Monitoring and Observability

from prometheus_client import Counter, Histogram, start_http_server
import time

class MonitoredServer:
    """Server with Prometheus monitoring."""

    def __init__(self):
        # Metrics
        self.request_count = Counter(
            "mcp_requests_total",
            "Total requests",
            ["method"]
        )
        self.request_duration = Histogram(
            "mcp_request_duration_seconds",
            "Request duration",
            ["method"]
        )
        self.errors = Counter(
            "mcp_errors_total",
            "Total errors",
            ["method", "error_type"]
        )

        # Start metrics server
        start_http_server(8001)

    def record_request(self, method: str, duration: float, error: Optional[str] = None):
        """Record request metrics."""
        self.request_count.labels(method=method).inc()
        self.request_duration.labels(method=method).observe(duration)

        if error:
            self.errors.labels(method=method, error_type=error).inc()

Health Checks

class HealthCheckServer:
    """Server with health check endpoints."""

    def __init__(self):
        self.dependencies = {}

    def check_health(self) -> Dict[str, bool]:
        """Check server and dependency health."""
        health = {
            "server": True,
            "dependencies": {}
        }

        # Check dependencies
        for dep_name, dep_check in self.dependencies.items():
            try:
                health["dependencies"][dep_name] = dep_check()
            except Exception:
                health["dependencies"][dep_name] = False
                health["server"] = False

        return health

    def add_dependency_check(self, name: str, check_func):
        """Register dependency health check."""
        self.dependencies[name] = check_func

Configuration Management

from pydantic import BaseSettings

class ProductionSettings(BaseSettings):
    """Production configuration."""
    app_name: str = "mcp-server"
    auth_token: str
    database_url: str
    log_level: str = "INFO"
    max_resource_size: int = 10485760
    request_timeout: int = 30
    rate_limit: int = 100
    environment: str = "production"

    class Config:
        env_file = ".env.production"
        env_file_encoding = "utf-8"

Best Practices Checklist

Security

Use environment variables for secrets
Implement authentication on all endpoints
Validate and sanitize all inputs
Use HTTPS in production
Implement rate limiting
Log security events

Reliability

Add health checks
Implement circuit breakers
Use timeouts on all operations
Add retry logic with exponential backoff
Monitor error rates
Use structured logging

Performance

Cache frequently accessed resources
Implement pagination for large datasets
Monitor response times
Profile resource usage
Optimize database queries
Use connection pooling

Operational Excellence

Centralize configuration
Use version control for all configs
Automate deployment
Monitor key metrics
Document runbooks
Plan for disaster recovery

Key Takeaway

Production deployment of MCP servers requires attention to authentication, authorization, monitoring, health checks, and proper containerization.
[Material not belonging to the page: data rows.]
Lemma K0eqP L1 L2 : K0eq rng out L1 L2 <->
  exists2 rl, all_keys (nonsink out) rl &
    forall f, pairing L1 f = pairing L2 f + pairing rl (relcomb_adj f).
Proof.
split=> [[rl [rl_R eq_coef]] | [rl rl_R eq_pairing]]; exists rl => //.
  move=> f; rewrite -pairing_relcomb -pairing_cat; move: f; apply/coef_eqP => g.
  by rewrite coef_cat -eq_coef addrC subrK.
split=> // g.
have /coef_eqP eq_coef f : pairing L1 f = pairing (L2 ++ relcomb rng out rl) f.
  by rewrite pairing_cat pairing_relcomb.
by rewrite eq_coef coef_cat addrC addKr.
Qed.

Lemma pairing_phi_psi x f : pairing (phi (psi x)) f =
  pairing (psi (Kmap rng out x)) f + pairing (at_level 1 x) (relcomb_adj f).
Proof.
rewrite pairing_phi !pairing_psi pairing_Kmap pairing_at_level -pairingD.
apply: eq_pairing => v; rewrite /phi_adj /relcomb_adj /Kmap_adj /= subrr add0r.
ring.
Qed.

Lemma K0eq_phi L1 L2 : K0eq rng out L1 L2 -> K0eq rng out (phi L1) (phi L2).
Proof.
move=> /K0eqP [rl rl_R eq12]; apply/K0eqP; exists (phi rl); first exact: all_keys_phi.
move=> f; rewrite !pairing_phi eq12; congr (_ + _).
by apply: eq_pairing => g; rewrite relcomb_adj_phi_adj.
Qed.

Lemma K0eq_phi_psi x : onR out x -> K0eq rng out (phi (psi x)) (psi (Kmap rng out x)).
Proof.
move=> xR; apply/K0eqP; exists (at_level 1 x); last exact: pairing_phi_psi.
by rewrite all_keys_at_level.
Qed.

Lemma K0eq_phi_psi_kerK x : onR out x -> kerK x -> K0eq rng out (phi (psi x)) [::].
Proof.
move=> xR /kerKP Kx; apply/K0eqP; exists (at_level 1 x); first by rewrite all_keys_at_level.
by move=> f; rewrite pairing_phi_psi pairing_psi pairing_Kmap Kx !pairing_nil.
Qed.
Following these patterns ensures reliable, secure, and observable servers in production environments.

Exercises

Secured Server: Build a server with token-based authentication and role-based access control.
Docker Deployment: Containerize an MCP server and create a docker-compose file for local testing.
Kubernetes Deployment: Deploy an MCP server to Kubernetes with proper resource limits and health checks.
Monitoring: Add Prometheus metrics to track request rates, latency, and error rates.
Configuration: Implement environment-based configuration management.
Incident Response: Design monitoring and alerting rules for common failure scenarios.